Problem requirements ::
Instruction for the entries that follow: retype exactly the lines from the line with "Inductive bruhat : gT" to the line with "Local Notation len := (cox_len s).", both included, and omit all others.

**** Records for this task

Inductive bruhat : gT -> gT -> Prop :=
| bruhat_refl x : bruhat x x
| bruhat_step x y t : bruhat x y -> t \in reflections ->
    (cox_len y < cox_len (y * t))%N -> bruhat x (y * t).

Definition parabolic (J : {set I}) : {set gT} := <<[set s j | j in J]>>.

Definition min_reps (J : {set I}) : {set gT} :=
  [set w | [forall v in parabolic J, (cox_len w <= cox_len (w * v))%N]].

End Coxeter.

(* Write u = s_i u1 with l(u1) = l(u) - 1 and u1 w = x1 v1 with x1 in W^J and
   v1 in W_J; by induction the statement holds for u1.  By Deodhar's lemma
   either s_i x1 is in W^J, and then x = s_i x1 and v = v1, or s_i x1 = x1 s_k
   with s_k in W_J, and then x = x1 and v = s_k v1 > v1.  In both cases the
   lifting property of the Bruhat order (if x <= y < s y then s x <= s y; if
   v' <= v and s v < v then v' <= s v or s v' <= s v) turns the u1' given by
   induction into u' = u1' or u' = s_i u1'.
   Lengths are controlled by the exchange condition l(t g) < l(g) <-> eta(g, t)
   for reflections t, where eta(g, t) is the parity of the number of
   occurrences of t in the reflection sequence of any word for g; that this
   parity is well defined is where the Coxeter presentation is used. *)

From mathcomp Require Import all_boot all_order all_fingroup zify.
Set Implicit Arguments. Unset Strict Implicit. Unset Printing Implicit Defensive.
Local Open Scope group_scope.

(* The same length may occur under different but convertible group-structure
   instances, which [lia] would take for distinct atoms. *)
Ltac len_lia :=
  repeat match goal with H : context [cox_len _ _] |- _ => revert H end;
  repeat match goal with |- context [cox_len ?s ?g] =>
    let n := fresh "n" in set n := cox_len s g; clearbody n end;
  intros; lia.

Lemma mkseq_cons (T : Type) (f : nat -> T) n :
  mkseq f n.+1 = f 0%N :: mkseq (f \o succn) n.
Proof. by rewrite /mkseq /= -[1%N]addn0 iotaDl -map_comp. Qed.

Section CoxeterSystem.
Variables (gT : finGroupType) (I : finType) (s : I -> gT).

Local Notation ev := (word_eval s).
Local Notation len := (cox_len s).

********
**** Records for this task

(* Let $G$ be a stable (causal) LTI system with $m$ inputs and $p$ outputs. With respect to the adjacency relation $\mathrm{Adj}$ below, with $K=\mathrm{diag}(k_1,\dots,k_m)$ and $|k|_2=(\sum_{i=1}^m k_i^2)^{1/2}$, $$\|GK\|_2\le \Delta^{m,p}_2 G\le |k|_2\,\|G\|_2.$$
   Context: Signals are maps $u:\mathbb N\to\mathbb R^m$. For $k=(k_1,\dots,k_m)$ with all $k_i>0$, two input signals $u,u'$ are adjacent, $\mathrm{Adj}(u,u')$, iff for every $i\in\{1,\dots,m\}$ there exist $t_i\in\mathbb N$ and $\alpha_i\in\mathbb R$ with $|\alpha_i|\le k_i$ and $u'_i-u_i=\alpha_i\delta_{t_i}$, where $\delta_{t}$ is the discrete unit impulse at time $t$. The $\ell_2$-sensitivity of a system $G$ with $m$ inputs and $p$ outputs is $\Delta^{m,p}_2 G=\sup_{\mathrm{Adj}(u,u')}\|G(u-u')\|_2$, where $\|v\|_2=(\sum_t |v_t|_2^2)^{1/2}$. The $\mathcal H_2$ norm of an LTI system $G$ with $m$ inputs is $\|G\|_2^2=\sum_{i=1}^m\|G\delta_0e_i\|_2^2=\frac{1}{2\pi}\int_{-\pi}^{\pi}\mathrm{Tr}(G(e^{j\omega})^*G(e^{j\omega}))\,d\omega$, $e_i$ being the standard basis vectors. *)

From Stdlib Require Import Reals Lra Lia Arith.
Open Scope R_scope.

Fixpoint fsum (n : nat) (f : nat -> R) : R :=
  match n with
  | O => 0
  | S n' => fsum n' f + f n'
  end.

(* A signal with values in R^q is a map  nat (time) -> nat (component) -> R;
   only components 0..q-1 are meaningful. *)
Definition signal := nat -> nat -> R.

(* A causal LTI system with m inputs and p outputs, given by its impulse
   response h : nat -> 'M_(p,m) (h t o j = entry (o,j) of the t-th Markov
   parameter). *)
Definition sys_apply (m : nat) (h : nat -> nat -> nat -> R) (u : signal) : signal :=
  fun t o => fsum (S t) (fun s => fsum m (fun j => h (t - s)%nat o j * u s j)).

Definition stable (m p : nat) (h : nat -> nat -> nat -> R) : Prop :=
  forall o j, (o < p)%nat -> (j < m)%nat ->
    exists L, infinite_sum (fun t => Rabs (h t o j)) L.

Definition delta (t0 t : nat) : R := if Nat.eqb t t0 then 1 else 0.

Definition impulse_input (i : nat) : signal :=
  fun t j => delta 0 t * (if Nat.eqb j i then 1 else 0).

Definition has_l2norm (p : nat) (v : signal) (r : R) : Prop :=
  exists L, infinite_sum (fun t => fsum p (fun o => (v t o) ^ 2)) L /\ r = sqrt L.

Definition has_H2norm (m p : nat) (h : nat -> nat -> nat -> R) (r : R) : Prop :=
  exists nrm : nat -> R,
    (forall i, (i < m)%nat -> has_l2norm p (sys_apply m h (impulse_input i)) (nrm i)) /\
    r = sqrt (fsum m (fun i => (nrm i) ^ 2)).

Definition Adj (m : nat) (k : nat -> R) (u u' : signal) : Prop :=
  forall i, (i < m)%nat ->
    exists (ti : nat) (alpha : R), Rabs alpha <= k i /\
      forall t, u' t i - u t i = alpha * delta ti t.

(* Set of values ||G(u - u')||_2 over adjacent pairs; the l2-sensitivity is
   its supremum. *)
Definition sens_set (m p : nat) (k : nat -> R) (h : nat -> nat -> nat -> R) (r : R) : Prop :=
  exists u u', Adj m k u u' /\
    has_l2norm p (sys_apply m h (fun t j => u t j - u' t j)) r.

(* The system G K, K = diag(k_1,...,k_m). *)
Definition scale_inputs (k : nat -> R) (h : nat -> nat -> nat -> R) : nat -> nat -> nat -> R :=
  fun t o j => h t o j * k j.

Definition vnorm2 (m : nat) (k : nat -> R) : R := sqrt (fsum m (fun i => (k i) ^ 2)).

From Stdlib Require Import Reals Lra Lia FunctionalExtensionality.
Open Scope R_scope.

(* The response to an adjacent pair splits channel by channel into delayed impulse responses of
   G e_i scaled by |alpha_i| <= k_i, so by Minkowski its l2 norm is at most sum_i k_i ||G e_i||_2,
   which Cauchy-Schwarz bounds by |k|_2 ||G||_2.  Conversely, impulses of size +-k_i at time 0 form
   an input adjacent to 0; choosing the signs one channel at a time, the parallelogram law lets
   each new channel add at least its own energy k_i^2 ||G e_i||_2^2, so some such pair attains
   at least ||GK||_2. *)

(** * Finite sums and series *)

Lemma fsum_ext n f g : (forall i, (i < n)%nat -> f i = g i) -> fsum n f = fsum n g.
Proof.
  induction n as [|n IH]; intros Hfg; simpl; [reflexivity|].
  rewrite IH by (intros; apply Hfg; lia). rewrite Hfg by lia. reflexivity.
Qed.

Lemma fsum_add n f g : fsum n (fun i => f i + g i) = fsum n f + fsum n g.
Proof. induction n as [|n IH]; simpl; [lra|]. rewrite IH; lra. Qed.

********

Answer for the task ::
Inductive bruhat : gT -> gT -> Prop :=
| bruhat_refl x : bruhat x x
| bruhat_step x y t : bruhat x y -> t \in reflections ->
    (cox_len y < cox_len (y * t))%N -> bruhat x (y * t).

Definition parabolic (J : {set I}) : {set gT} := <<[set s j | j in J]>>.

Definition min_reps (J : {set I}) : {set gT} :=
  [set w | [forall v in parabolic J, (cox_len w <= cox_len (w * v))%N]].

End Coxeter.

(* Write u = s_i u1 with l(u1) = l(u) - 1 and u1 w = x1 v1 with x1 in W^J and
   v1 in W_J; by induction the statement holds for u1.  By Deodhar's lemma
   either s_i x1 is in W^J, and then x = s_i x1 and v = v1, or s_i x1 = x1 s_k
   with s_k in W_J, and then x = x1 and v = s_k v1 > v1.  In both cases the
   lifting property of the Bruhat order (if x <= y < s y then s x <= s y; if
   v' <= v and s v < v then v' <= s v or s v' <= s v) turns the u1' given by
   induction into u' = u1' or u' = s_i u1'.
   Lengths are controlled by the exchange condition l(t g) < l(g) <-> eta(g, t)
   for reflections t, where eta(g, t) is the parity of the number of
   occurrences of t in the reflection sequence of any word for g; that this
   parity is well defined is where the Coxeter presentation is used. *)

From mathcomp Require Import all_boot all_order all_fingroup zify.
Set Implicit Arguments. Unset Strict Implicit. Unset Printing Implicit Defensive.
Local Open Scope group_scope.

(* The same length may occur under different but convertible group-structure
   instances, which [lia] would take for distinct atoms. *)
Ltac len_lia :=
  repeat match goal with H : context [cox_len _ _] |- _ => revert H end;
  repeat match goal with |- context [cox_len ?s ?g] =>
    let n := fresh "n" in set n := cox_len s g; clearbody n end;
  intros; lia.

Lemma mkseq_cons (T : Type) (f : nat -> T) n :
  mkseq f n.+1 = f 0%N :: mkseq (f \o succn) n.
Proof. by rewrite /mkseq /= -[1%N]addn0 iotaDl -map_comp. Qed.

Section CoxeterSystem.
Variables (gT : finGroupType) (I : finType) (s : I -> gT).

Local Notation ev := (word_eval s).
Local Notation len := (cox_len s).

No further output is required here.